#### ABOUT THIS EXERCISE
The lines from the start of the records below through the line containing "n) x < eps." are to be copied exactly, both ends included, with nothing added.

*** Opening SUPPLIED DATA ***

(* Let $(X,d)$ be a metric space and let $u,u_1,u_2,\ldots\in F_{USC}(X)$. Then: (i) If there is a dense subset $P$ of $(0,1)$ such that $[u_n]_\alpha$ Kuratowski converges to $[u]_\alpha$ for every $\alpha\in P$, then $u_n\stackrel{\Gamma}{\longrightarrow}u$. (ii) If $u_n\stackrel{\Gamma}{\longrightarrow}u$, then $[u_n]_\alpha$ Kuratowski converges to $[u]_\alpha$ for all $\alpha\in(0,1)\setminus P(u)$.
   Context: A fuzzy set on $X$ is a function $u:X\to[0,1]$, with $\alpha$-cuts $[u]_\alpha=\{x: u(x)\ge\alpha\}$ for $\alpha\in(0,1]$ and $[u]_0=\overline{\{u>0\}}$. $F_{USC}(X)$ is the set of fuzzy sets with all $\alpha$-cuts ($\alpha\in[0,1]$) non-empty and closed. For sets $C_n\subseteq X$: $\liminf_n C_n=\{x: x=\lim_n x_n, x_n\in C_n\}$, $\limsup_n C_n=\{x: x=\lim_j x_{n_j}, x_{n_j}\in C_{n_j}\}$; $C_n$ Kuratowski converges to $C$ if $C=\liminf_n C_n=\limsup_n C_n$. ${\rm end}\,u=\{(x,t)\in X\times[0,1]: u(x)\ge t\}$, with $X\times[0,1]$ metrized by $\overline{d}((x,\alpha),(y,\beta))=d(x,y)+|\alpha-\beta|$. $u_n\stackrel{\Gamma}{\longrightarrow}u$ means ${\rm end}\,u_n$ Kuratowski converges to ${\rm end}\,u$. A number $\alpha\in(0,1)$ is a platform point of $u$ if $\overline{\{u>\alpha\}}\subsetneqq[u]_\alpha$; $P(u)$ denotes the set of platform points of $u$. *)

From Stdlib Require Import Reals.
Open Scope R_scope.

Definition is_metric {X : Type} (d : X -> X -> R) : Prop :=
  (forall x y, 0 <= d x y) /\
  (forall x y, d x y = 0 <-> x = y) /\
  (forall x y, d x y = d y x) /\
  (forall x y z, d x z <= d x y + d y z).

Definition seq_conv {X : Type} (d : X -> X -> R) (xs : nat -> X) (x : X) : Prop :=
  forall eps, 0 < eps -> exists N, forall n, (N <= n)%nat -> d (xs n) x < eps.

Definition closure {X : Type} (d : X -> X -> R) (A : X -> Prop) : X -> Prop :=
  fun x => forall eps, 0 < eps -> exists y, A y /\ d x y < eps.

Definition is_closed {X : Type} (d : X -> X -> R) (A : X -> Prop) : Prop :=
  forall x, closure d A x -> A x.

Definition set_eq {X : Type} (A B : X -> Prop) : Prop := forall x, A x <-> B x.

Definition K_liminf {X : Type} (d : X -> X -> R) (C : nat -> X -> Prop) : X -> Prop :=
  fun x => exists xs : nat -> X, (forall n, C n (xs n)) /\ seq_conv d xs x.

Definition K_limsup {X : Type} (d : X -> X -> R) (C : nat -> X -> Prop) : X -> Prop :=
  fun x => exists (phi : nat -> nat) (ys : nat -> X),
    (forall j, (phi j < phi (S j))%nat) /\
    (forall j, C (phi j) (ys j)) /\ seq_conv d ys x.

Definition K_conv {X : Type} (d : X -> X -> R) (C : nat -> X -> Prop) (D : X -> Prop) : Prop :=
  set_eq D (K_liminf d C) /\ set_eq D (K_limsup d C).

Definition is_fuzzy {X : Type} (u : X -> R) : Prop := forall x, 0 <= u x <= 1.

Definition cut {X : Type} (d : X -> X -> R) (u : X -> R) (a : R) : X -> Prop :=
  fun x => if Rle_lt_dec a 0 then closure d (fun y => 0 < u y) x else a <= u x.

Definition FUSC {X : Type} (d : X -> X -> R) (u : X -> R) : Prop :=
  is_fuzzy u /\
  forall a, 0 <= a <= 1 -> (exists x, cut d u a x) /\ is_closed d (cut d u a).

Definition endo {X : Type} (u : X -> R) : (X * R) -> Prop :=
  fun p => 0 <= snd p <= 1 /\ snd p <= u (fst p).

Definition dbar {X : Type} (d : X -> X -> R) (p q : X * R) : R :=
  d (fst p) (fst q) + Rabs (snd p - snd q).

Definition Gamma_conv {X : Type} (d : X -> X -> R) (us : nat -> X -> R) (u : X -> R) : Prop :=
  K_conv (dbar d) (fun n => endo (us n)) (endo u).

Definition platform_point {X : Type} (d : X -> X -> R) (u : X -> R) (a : R) : Prop :=
  0 < a < 1 /\
  (forall x, closure d (fun y => a < u y) x -> cut d u a x) /\
  ~ set_eq (closure d (fun y => a < u y)) (cut d u a).

Definition dense_in_01 (P : R -> Prop) : Prop :=
  (forall p, P p -> 0 < p < 1) /\
  (forall a b, 0 <= a -> a < b -> b <= 1 -> exists p, P p /\ a < p < b).

(* The cuts and the endograph are linked by (x, t) ∈ end u <-> x ∈ [u]_t for
   t ∈ (0, 1].  For (i), a point (x, t) of end u is approximated in end u_n
   through a level p ∈ P just below t, and a limit (x, t) of points of the
   end u_n with u x < t is excluded by a level p ∈ P strictly between u x and
   t.  For (ii), the upper limit of the cuts at level a lifts to height a in
   the endographs.  For the lower limit, every y with u y > a is a limit of
   points of [u_n]_a (approximate (y, u y) in end u_n); when a is not a
   platform point these y are dense in [u]_a, and a Kuratowski lower limit is
   closed. *)

From Stdlib Require Import Reals Lra Lia Classical ClassicalEpsilon.
Open Scope R_scope.

Section Kuratowski.

Context {X : Type} (d : X -> X -> R).

Lemma K_liminf_sub_limsup (C : nat -> X -> Prop) x : K_liminf d C x -> K_limsup d C x.
Proof.
  intros [xs [HC Hxs]]. exists (fun j => j), xs.
  split; [intros j; lia | split; assumption].
Qed.

Lemma K_conv_intro (C : nat -> X -> Prop) (D : X -> Prop) :
  (forall x, D x -> K_liminf d C x) -> (forall x, K_limsup d C x -> D x) -> K_conv d C D.
Proof.
  intros Hinf Hsup; split; intros x; split; auto.
  - intros Hx; apply Hsup, K_liminf_sub_limsup, Hx.
  - intros Hx; apply K_liminf_sub_limsup, Hinf, Hx.
Qed.

Lemma K_limsup_intro (C : nat -> X -> Prop) x (phi : nat -> nat) (ys : nat -> X) N :
  (forall j, (phi j < phi (S j))%nat) -> (forall j, (N <= j)%nat -> C (phi j) (ys j)) ->
  seq_conv d ys x -> K_limsup d C x.
Proof.
  intros Hphi HC Hys.
  exists (fun j => phi (j + N)%nat), (fun j => ys (j + N)%nat).
  split; [|split].
  - intros j; apply Hphi.
  - intros j; apply HC; lia.
  - intros eps Heps. destruct (Hys eps Heps) as [M HM].
    exists M; intros n Hn; apply HM; lia.
Qed.

Lemma exists_uniform_approximant (A : X -> Prop) z m :
  (exists y, A y) ->
  exists y, A y /\ forall k, (k < m)%nat ->
    (exists w, A w /\ d w z < / INR (S k)) -> d y z < / INR (S k).
Proof.
  intros Hne. induction m as [|m [y [Hy Hscales]]].
  - destruct Hne as [y Hy]. exists y; split; [exact Hy | intros k Hk; lia].
  - destruct (classic (exists w, A w /\ d w z < / INR (S m))) as [[w [Hw Hwz]] | Hfar].
    + exists w; split; [exact Hw|]. intros k Hk _.
      eapply Rlt_le_trans; [exact Hwz|].
      apply Rinv_le_contravar; [apply lt_0_INR; lia | apply le_INR; lia].
    + exists y; split; [exact Hy|]. intros k Hk Hnear.
      destruct (Nat.eq_dec k m) as [-> | Hkm]; [contradiction|].
      apply Hscales; [lia | exact Hnear].
Qed.

Lemma K_liminf_intro (C : nat -> X -> Prop) z :
  (forall n, exists y, C n y) ->
  (forall eps, 0 < eps -> exists N, forall n, (N <= n)%nat -> exists y, C n y /\ d y z < eps) ->
  K_liminf d C z.
Proof.
  intros Hne Hnear.
  assert (Happrox : forall n, exists y, C n y /\ forall k, (k < n)%nat ->
            (exists w, C n w /\ d w z < / INR (S k)) -> d y z < / INR (S k))
    by (intros n; apply exists_uniform_approximant, Hne).
  destruct (choice _ Happrox) as [ys Hys].
  exists ys; split; [intros n; apply Hys|].
  intros eps Heps.
  destruct (archimed_cor1 eps Heps) as [[|k] [Hk Hk0]]; [lia|].
  destruct (Hnear (/ INR (S k))) as [N HN]; [apply Rinv_0_lt_compat, lt_0_INR; lia|].
  exists (Nat.max N (S k)); intros n Hn.
  eapply Rlt_trans; [|exact Hk].
  apply Hys; [lia | apply HN; lia].
Qed.

Lemma closure_minimal (A B : X -> Prop) :
  (forall x, A x -> B x) -> is_closed d B -> forall x, closure d A x -> B x.
Proof.
  intros HAB HB x Hx. apply HB. intros eps Heps.
  destruct (Hx eps Heps) as [y [Hy Hxy]]. exists y; split; [apply HAB, Hy | exact Hxy].
Qed.

Hypothesis d_sym : forall x y, d x y = d y x.
Hypothesis d_triangle : forall x y z, d x z <= d x y + d y z.

Lemma K_liminf_closed (C : nat -> X -> Prop) :
  (forall n, exists y, C n y) -> is_closed d (K_liminf d C).
Proof.
  intros Hne z Hz. apply K_liminf_intro; [exact Hne|]. intros eps Heps.
  destruct (Hz (eps / 2)) as [y [[xs [HC Hxs]] Hzy]]; [lra|].
  destruct (Hxs (eps / 2)) as [N HN]; [lra|].
  exists N; intros n Hn; exists (xs n); split; [apply HC|].
  pose proof (HN n Hn). pose proof (d_triangle (xs n) y z) as Htri.
  rewrite (d_sym y z) in Htri. lra.
Qed.

End Kuratowski.

Lemma seq_conv_eventually_gt (s : nat -> R) t p :
  seq_conv R_dist s t -> p < t -> exists N, forall n, (N <= n)%nat -> p < s n.
Proof.
  intros Hs Hpt. destruct (Hs (t - p)) as [N HN]; [lra|].
  exists N; intros n Hn. specialize (HN n Hn). unfold R_dist in HN.
  apply Rabs_def2 in HN. lra.
Qed.

Lemma seq_conv_within (s : nat -> R) t a b :
  (forall n, a <= s n <= b) -> seq_conv R_dist s t -> a <= t <= b.
Proof.
  intros Hab Hs. split; apply Rnot_lt_le; intros Hout.
  - destruct (Hs (a - t)) as [N HN]; [lra|].
    specialize (HN N (le_n N)). unfold R_dist in HN. apply Rabs_def2 in HN.
    specialize (Hab N). lra.
  - destruct (Hs (t - b)) as [N HN]; [lra|].
    specialize (HN N (le_n N)). unfold R_dist in HN. apply Rabs_def2 in HN.
    specialize (Hab N). lra.
Qed.

Section Endograph.

Context {X : Type} (d : X -> X -> R).

Lemma seq_conv_dbar_pair (xs : nat -> X) x t :
  seq_conv d xs x -> seq_conv (dbar d) (fun n => (xs n, t)) (x, t).
Proof.
  intros Hxs eps Heps. destruct (Hxs eps Heps) as [N HN].
  exists N; intros n Hn. unfold dbar; simpl.
  rewrite Rminus_diag, Rabs_R0, Rplus_0_r. apply HN, Hn.
Qed.

Hypothesis d_nonneg : forall x y, 0 <= d x y.

Lemma seq_conv_dbar_fst (ps : nat -> X * R) p :
  seq_conv (dbar d) ps p -> seq_conv d (fun n => fst (ps n)) (fst p).
Proof.
  intros Hps eps Heps. destruct (Hps eps Heps) as [N HN].
  exists N; intros n Hn. specialize (HN n Hn). unfold dbar in HN.
  pose proof (Rabs_pos (snd (ps n) - snd p)). lra.
Qed.

Lemma seq_conv_dbar_snd (ps : nat -> X * R) p :
  seq_conv (dbar d) ps p -> seq_conv R_dist (fun n => snd (ps n)) (snd p).
Proof.
  intros Hps eps Heps. destruct (Hps eps Heps) as [N HN].
  exists N; intros n Hn. specialize (HN n Hn). unfold dbar in HN. unfold R_dist.
  pose proof (d_nonneg (fst (ps n)) (fst p)). lra.
Qed.

Lemma cut_pos_iff (u : X -> R) a x : 0 < a -> cut d u a x <-> a <= u x.
Proof. intros Ha; unfold cut; destruct (Rle_lt_dec a 0); [lra | tauto]. Qed.

Lemma endo_pair_iff_cut (u : X -> R) x t : 0 < t <= 1 -> endo u (x, t) <-> cut d u t x.
Proof.
  intros Ht. rewrite cut_pos_iff by lra. unfold endo; simpl. split; [tauto|].
  intros Hxt; repeat split; lra.
Qed.

Lemma endo_sub_liminf_of_dense_cuts (P : R -> Prop) (u : X -> R) (us : nat -> X -> R) :
  (forall x, d x x = 0) -> (forall n, is_fuzzy (us n)) -> dense_in_01 P ->
  (forall p, P p -> forall x, cut d u p x -> K_liminf d (fun n => cut d (us n) p) x) ->
  forall q, endo u q -> K_liminf (dbar d) (fun n => endo (us n)) q.
Proof.
  intros Hrefl Hfuzzy [HP01 HPdense] Hinf [x t] [[Ht0 Ht1] Htu]; simpl in *.
  assert (Hbottom : forall n, endo (us n) (x, 0))
    by (intros n; split; simpl; [lra | apply Hfuzzy]).
  apply K_liminf_intro; [intros n; exists (x, 0); apply Hbottom|].
  intros eps Heps. destruct (Rle_lt_dec t 0) as [Ht | Ht].
  - exists 0%nat; intros n _; exists (x, 0); split; [apply Hbottom|].
    unfold dbar; simpl. rewrite Hrefl. replace (0 - t) with 0 by lra.
    rewrite Rabs_R0. lra.
  - destruct (HPdense (Rmax 0 (t - eps / 2)) t) as [p [Pp [Hp_lo Hp_hi]]];
      [apply Rmax_l | apply Rmax_lub_lt; lra | lra |].
    pose proof (Rmax_r 0 (t - eps / 2)). pose proof (HP01 p Pp).
    destruct (Hinf p Pp x) as [xs [Hxs Hconv]]; [apply cut_pos_iff; lra|].
    destruct (Hconv (eps / 2)) as [N HN]; [lra|].
    exists N; intros n Hn; exists (xs n, p); split.
    + apply endo_pair_iff_cut; [lra | apply Hxs].
    + unfold dbar; simpl. rewrite Rabs_left by lra. specialize (HN n Hn). lra.
Qed.

Lemma limsup_endo_sub_endo_of_dense_cuts (P : R -> Prop) (u : X -> R) (us : nat -> X -> R) :
  is_fuzzy u -> dense_in_01 P ->
  (forall p, P p -> forall x, K_limsup d (fun n => cut d (us n) p) x -> cut d u p x) ->
  forall q, K_limsup (dbar d) (fun n => endo (us n)) q -> endo u q.
Proof.
  intros Hfuzzy [HP01 HPdense] Hsup [x t] [phi [ys [Hphi [Hys Hconv]]]].
  pose proof (seq_conv_dbar_fst ys (x, t) Hconv) as Hfst.
  pose proof (seq_conv_dbar_snd ys (x, t) Hconv) as Hsnd. simpl in Hfst, Hsnd.
  assert (Ht : 0 <= t <= 1) by exact (seq_conv_within _ _ _ _ (fun j => proj1 (Hys j)) Hsnd).
  split; [exact Ht|]. simpl. apply Rnot_lt_le; intros Hlt.
  destruct (HPdense (u x) t) as [p [Pp [Hxp Hpt]]]; [apply Hfuzzy | exact Hlt | apply Ht |].
  pose proof (HP01 p Pp).
  destruct (seq_conv_eventually_gt _ _ _ Hsnd Hpt) as [N HN].
  assert (Hx : cut d u p x).
  { apply (Hsup p Pp), (K_limsup_intro d _ x phi (fun j => fst (ys j)) N Hphi); [|exact Hfst].
    intros j Hj. apply cut_pos_iff; [lra|].
    pose proof (HN j Hj). pose proof (proj2 (Hys j)). lra. }
  apply cut_pos_iff in Hx; lra.
Qed.

Lemma superlevel_sub_liminf_cuts (u : X -> R) (us : nat -> X -> R) a :
  is_fuzzy u -> 0 < a -> (forall n, exists y, cut d (us n) a y) ->
  (forall q, endo u q -> K_liminf (dbar d) (fun n => endo (us n)) q) ->
  forall y, a < u y -> K_liminf d (fun n => cut d (us n) a) y.
Proof.
  intros Hfuzzy Ha Hne Hinf y Hy.
  destruct (Hinf (y, u y)) as [zs [Hzs Hconv]];
    [split; simpl; [apply Hfuzzy | lra]|].
  destruct (seq_conv_eventually_gt _ _ _ (seq_conv_dbar_snd zs (y, u y) Hconv) Hy)
    as [N HN].
  apply K_liminf_intro; [exact Hne|]. intros eps Heps.
  destruct (seq_conv_dbar_fst zs (y, u y) Hconv eps Heps) as [M HM].
  exists (Nat.max N M); intros n Hn; exists (fst (zs n)); split.
  - apply cut_pos_iff; [exact Ha|].
    pose proof (HN n ltac:(lia)). pose proof (proj2 (Hzs n)). lra.
  - apply HM; lia.
Qed.

Lemma cut_sub_closure_superlevel (u : X -> R) a :
  FUSC d u -> 0 < a < 1 -> ~ platform_point d u a ->
  forall x, cut d u a x -> closure d (fun y => a < u y) x.
Proof.
  intros [_ Hcuts] Ha Hnp.
  assert (Hsub : forall x, closure d (fun y => a < u y) x -> cut d u a x).
  { apply closure_minimal; [intros y Hy; apply cut_pos_iff; lra |].
    apply Hcuts; lra. }
  intros x Hx. apply NNPP; intros Hnot.
  apply Hnp. split; [exact Ha | split; [exact Hsub|]].
  intros Heq. apply Hnot, Heq, Hx.
Qed.

Lemma limsup_cuts_sub_cut_of_limsup_endo (u : X -> R) (us : nat -> X -> R) a :
  0 < a <= 1 ->
  (forall q, K_limsup (dbar d) (fun n => endo (us n)) q -> endo u q) ->
  forall x, K_limsup d (fun n => cut d (us n) a) x -> cut d u a x.
Proof.
  intros Ha Hsup x [phi [ys [Hphi [Hys Hconv]]]].
  apply (endo_pair_iff_cut u x a Ha), Hsup.
  exists phi, (fun j => (ys j, a)). split; [exact Hphi | split].
  - intros j; apply endo_pair_iff_cut; [exact Ha | apply Hys].
  - apply seq_conv_dbar_pair, Hconv.
Qed.

End Endograph.

Theorem theorem3p6 (X : Type) (d : X -> X -> R) (u : X -> R) (us : nat -> X -> R) :
  is_metric d -> FUSC d u -> (forall n, FUSC d (us n)) ->
  ((exists P : R -> Prop, dense_in_01 P /\
      (forall a, P a -> K_conv d (fun n => cut d (us n) a) (cut d u a))) ->
    Gamma_conv d us u) /\
  (Gamma_conv d us u ->
    forall a, 0 < a < 1 -> ~ platform_point d u a ->
      K_conv d (fun n => cut d (us n) a) (cut d u a)).
Proof.
  intros [Hpos [Hzero [Hsym Htri]]] Hu Hus.
  assert (Hrefl : forall x, d x x = 0) by (intros x; apply Hzero; reflexivity).
  split.
  - intros [P [HP Hcuts]]. apply K_conv_intro.
    + apply (endo_sub_liminf_of_dense_cuts d P); auto; [intros n; apply Hus|].
      intros p Pp x; apply (proj1 (Hcuts p Pp) x).
    + apply (limsup_endo_sub_endo_of_dense_cuts d Hpos P); [apply Hu | exact HP|].
      intros p Pp x; apply (proj2 (Hcuts p Pp) x).
  - intros [Hinf Hsup] a Ha Hnp.
    assert (Hne : forall n, exists y, cut d (us n) a y) by (intros n; apply (Hus n); lra).
    apply K_conv_intro.
    + intros x Hx. apply (closure_minimal d (fun y => a < u y)).
      * apply (superlevel_sub_liminf_cuts d Hpos); [apply Hu | lra | exact Hne |].
        intros q; apply Hinf.
      * apply K_liminf_closed; assumption.
      * apply (cut_sub_closure_superlevel d u a Hu Ha Hnp x Hx).
    + apply limsup_cuts_sub_cut_of_limsup_endo; [lra|].
      intros q Hq; apply Hsup, Hq.
Qed.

*** Closing SUPPLIED DATA ***

#### WRITTEN ANSWER
(* Let $(X,d)$ be a metric space and let $u,u_1,u_2,\ldots\in F_{USC}(X)$. Then: (i) If there is a dense subset $P$ of $(0,1)$ such that $[u_n]_\alpha$ Kuratowski converges to $[u]_\alpha$ for every $\alpha\in P$, then $u_n\stackrel{\Gamma}{\longrightarrow}u$. (ii) If $u_n\stackrel{\Gamma}{\longrightarrow}u$, then $[u_n]_\alpha$ Kuratowski converges to $[u]_\alpha$ for all $\alpha\in(0,1)\setminus P(u)$.
   Context: A fuzzy set on $X$ is a function $u:X\to[0,1]$, with $\alpha$-cuts $[u]_\alpha=\{x: u(x)\ge\alpha\}$ for $\alpha\in(0,1]$ and $[u]_0=\overline{\{u>0\}}$. $F_{USC}(X)$ is the set of fuzzy sets with all $\alpha$-cuts ($\alpha\in[0,1]$) non-empty and closed. For sets $C_n\subseteq X$: $\liminf_n C_n=\{x: x=\lim_n x_n, x_n\in C_n\}$, $\limsup_n C_n=\{x: x=\lim_j x_{n_j}, x_{n_j}\in C_{n_j}\}$; $C_n$ Kuratowski converges to $C$ if $C=\liminf_n C_n=\limsup_n C_n$. ${\rm end}\,u=\{(x,t)\in X\times[0,1]: u(x)\ge t\}$, with $X\times[0,1]$ metrized by $\overline{d}((x,\alpha),(y,\beta))=d(x,y)+|\alpha-\beta|$. $u_n\stackrel{\Gamma}{\longrightarrow}u$ means ${\rm end}\,u_n$ Kuratowski converges to ${\rm end}\,u$. A number $\alpha\in(0,1)$ is a platform point of $u$ if $\overline{\{u>\alpha\}}\subsetneqq[u]_\alpha$; $P(u)$ denotes the set of platform points of $u$. *)

From Stdlib Require Import Reals.
Open Scope R_scope.

Definition is_metric {X : Type} (d : X -> X -> R) : Prop :=
  (forall x y, 0 <= d x y) /\
  (forall x y, d x y = 0 <-> x = y) /\
  (forall x y, d x y = d y x) /\
  (forall x y z, d x z <= d x y + d y z).

Definition seq_conv {X : Type} (d : X -> X -> R) (xs : nat -> X) (x : X) : Prop :=
  forall eps, 0 < eps -> exists N, forall n, (N <= n)%nat -> d (xs n) x < eps.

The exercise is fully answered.